> [Work item] Every line of the following records that includes "IHfut" should be copied.

Dataset records below:

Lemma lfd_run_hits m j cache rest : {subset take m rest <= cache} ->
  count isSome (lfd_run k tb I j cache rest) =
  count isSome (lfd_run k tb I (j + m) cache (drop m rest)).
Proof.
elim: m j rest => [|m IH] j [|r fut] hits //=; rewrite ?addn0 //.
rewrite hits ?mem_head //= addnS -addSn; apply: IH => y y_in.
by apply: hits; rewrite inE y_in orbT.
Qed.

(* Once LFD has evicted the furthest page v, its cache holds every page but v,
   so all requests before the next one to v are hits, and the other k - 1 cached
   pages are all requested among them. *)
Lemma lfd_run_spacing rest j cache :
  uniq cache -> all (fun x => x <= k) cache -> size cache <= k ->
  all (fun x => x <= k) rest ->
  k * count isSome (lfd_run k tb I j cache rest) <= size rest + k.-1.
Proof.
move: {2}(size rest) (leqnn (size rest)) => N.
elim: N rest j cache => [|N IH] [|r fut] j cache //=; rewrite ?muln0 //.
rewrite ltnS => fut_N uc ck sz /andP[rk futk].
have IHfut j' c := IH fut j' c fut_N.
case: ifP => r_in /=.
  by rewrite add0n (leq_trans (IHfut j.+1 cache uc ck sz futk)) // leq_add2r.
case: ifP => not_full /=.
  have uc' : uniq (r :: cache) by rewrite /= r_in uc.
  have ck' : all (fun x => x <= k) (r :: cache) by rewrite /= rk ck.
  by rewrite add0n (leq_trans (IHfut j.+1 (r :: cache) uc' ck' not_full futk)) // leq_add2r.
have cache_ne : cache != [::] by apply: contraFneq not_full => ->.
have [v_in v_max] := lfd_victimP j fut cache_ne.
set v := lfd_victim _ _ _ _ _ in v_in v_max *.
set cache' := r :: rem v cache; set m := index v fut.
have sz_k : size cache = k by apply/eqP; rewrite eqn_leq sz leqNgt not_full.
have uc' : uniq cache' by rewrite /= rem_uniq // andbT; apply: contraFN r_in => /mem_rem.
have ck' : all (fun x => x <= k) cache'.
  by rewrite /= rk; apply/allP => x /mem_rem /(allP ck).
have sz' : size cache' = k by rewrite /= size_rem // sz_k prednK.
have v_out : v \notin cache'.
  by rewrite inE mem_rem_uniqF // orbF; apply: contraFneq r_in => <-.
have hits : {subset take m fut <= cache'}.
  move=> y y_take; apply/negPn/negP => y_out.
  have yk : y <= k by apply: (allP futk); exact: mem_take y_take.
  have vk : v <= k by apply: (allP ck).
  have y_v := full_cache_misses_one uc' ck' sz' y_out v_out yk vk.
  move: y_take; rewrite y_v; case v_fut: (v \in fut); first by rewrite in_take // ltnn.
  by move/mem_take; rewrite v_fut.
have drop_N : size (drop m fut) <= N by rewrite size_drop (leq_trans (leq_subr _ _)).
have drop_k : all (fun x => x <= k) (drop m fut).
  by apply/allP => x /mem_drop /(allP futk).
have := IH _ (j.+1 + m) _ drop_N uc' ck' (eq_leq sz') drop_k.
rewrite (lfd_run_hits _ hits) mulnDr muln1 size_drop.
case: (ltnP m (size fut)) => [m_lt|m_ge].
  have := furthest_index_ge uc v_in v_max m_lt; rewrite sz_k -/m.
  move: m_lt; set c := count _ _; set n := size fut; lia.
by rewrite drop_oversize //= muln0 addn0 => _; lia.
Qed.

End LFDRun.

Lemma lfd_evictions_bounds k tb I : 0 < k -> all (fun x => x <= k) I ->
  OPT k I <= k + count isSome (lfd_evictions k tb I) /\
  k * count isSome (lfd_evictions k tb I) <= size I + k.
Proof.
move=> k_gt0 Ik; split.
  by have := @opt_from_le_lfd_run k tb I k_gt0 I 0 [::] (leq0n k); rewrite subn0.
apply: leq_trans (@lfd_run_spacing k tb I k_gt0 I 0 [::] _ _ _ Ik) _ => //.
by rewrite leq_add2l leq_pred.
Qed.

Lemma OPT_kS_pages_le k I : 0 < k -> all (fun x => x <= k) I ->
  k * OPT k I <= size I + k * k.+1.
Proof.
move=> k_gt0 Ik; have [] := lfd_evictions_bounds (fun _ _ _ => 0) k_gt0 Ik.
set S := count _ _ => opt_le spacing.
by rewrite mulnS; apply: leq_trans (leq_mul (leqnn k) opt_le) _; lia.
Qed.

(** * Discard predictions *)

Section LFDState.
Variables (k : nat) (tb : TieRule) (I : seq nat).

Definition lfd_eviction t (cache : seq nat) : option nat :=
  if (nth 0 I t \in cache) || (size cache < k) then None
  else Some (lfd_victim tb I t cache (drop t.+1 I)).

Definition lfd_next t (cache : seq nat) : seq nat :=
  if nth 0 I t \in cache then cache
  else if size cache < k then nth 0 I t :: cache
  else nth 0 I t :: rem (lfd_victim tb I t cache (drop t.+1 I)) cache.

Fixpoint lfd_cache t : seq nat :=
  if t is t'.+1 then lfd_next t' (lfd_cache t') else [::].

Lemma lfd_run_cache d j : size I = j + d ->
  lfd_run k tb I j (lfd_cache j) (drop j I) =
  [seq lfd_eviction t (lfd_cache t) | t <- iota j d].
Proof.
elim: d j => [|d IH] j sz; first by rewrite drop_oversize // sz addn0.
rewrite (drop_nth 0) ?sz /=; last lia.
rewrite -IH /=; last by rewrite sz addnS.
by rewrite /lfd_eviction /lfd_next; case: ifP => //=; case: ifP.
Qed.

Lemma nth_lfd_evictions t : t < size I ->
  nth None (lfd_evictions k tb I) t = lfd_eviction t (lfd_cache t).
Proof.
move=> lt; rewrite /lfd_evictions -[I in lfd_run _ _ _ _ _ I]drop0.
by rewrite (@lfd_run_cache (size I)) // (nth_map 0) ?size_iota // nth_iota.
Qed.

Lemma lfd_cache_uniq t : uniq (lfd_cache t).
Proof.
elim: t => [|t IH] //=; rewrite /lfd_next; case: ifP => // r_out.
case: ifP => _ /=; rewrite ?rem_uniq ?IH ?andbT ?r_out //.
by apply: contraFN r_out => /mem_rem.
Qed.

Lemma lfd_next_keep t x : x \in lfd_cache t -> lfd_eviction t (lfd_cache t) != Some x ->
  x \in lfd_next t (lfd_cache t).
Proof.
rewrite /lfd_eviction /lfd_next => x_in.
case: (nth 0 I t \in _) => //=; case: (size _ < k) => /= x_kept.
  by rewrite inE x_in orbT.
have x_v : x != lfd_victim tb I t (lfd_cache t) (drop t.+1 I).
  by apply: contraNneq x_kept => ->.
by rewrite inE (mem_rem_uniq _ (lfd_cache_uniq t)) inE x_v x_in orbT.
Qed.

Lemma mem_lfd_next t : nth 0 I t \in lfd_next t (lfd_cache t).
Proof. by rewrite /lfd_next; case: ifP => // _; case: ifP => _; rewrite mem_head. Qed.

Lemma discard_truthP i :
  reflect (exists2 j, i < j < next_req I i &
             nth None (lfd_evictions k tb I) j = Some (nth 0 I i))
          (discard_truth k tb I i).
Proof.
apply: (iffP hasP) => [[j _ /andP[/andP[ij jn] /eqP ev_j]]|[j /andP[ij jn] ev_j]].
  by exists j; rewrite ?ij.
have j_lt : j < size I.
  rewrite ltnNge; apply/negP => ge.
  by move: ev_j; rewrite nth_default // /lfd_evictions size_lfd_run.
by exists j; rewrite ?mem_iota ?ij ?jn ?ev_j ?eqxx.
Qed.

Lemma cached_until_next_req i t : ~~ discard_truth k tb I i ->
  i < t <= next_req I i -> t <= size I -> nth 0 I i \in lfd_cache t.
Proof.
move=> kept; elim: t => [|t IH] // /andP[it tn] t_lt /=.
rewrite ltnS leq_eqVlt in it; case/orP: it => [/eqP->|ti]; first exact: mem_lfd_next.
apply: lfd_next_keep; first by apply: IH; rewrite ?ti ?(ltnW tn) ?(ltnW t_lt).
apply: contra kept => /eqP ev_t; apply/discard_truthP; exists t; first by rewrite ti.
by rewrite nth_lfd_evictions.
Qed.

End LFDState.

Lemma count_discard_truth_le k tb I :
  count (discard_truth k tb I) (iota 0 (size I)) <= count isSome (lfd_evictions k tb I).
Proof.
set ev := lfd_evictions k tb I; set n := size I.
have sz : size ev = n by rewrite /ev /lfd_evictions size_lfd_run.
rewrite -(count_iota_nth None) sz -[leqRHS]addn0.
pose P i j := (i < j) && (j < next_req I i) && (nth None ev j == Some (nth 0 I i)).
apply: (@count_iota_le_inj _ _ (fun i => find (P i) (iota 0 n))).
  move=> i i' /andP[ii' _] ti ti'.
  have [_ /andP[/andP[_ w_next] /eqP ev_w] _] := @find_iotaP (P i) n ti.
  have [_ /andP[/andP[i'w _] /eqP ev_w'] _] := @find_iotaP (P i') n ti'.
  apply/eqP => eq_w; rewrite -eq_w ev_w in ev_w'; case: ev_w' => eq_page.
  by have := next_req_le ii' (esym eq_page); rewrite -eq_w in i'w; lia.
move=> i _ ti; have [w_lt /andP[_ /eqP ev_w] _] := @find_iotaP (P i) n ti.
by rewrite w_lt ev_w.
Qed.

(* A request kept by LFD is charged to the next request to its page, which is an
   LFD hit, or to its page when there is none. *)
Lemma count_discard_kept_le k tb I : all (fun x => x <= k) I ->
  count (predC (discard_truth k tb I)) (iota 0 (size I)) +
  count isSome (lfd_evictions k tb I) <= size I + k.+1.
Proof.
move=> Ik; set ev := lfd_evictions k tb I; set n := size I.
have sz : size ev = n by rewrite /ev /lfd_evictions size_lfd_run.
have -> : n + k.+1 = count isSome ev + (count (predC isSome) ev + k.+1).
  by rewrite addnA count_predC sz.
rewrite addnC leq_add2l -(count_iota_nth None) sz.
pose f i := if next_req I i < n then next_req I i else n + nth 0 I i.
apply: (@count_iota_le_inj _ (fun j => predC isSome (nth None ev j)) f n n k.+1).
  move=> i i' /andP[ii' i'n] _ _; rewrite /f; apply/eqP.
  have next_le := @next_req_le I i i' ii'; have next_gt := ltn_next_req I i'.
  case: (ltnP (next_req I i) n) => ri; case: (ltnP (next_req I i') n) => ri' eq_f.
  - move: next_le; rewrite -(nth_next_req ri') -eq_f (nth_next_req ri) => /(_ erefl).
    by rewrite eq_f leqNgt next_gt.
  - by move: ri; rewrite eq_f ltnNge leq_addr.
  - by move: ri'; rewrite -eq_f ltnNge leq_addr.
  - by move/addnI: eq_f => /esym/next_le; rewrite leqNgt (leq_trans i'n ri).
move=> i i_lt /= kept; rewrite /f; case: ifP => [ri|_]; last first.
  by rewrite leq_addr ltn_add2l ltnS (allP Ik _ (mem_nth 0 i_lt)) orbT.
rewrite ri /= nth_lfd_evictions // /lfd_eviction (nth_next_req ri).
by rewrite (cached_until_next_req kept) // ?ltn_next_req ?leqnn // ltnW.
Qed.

End of Dataset records.

> [Task output]
have IHfut j' c := IH fut j' c fut_N.
  by rewrite add0n (leq_trans (IHfut j.+1 cache uc ck sz futk)) // leq_add2r.
  by rewrite add0n (leq_trans (IHfut j.+1 (r :: cache) uc' ck' not_full futk)) // leq_add2r.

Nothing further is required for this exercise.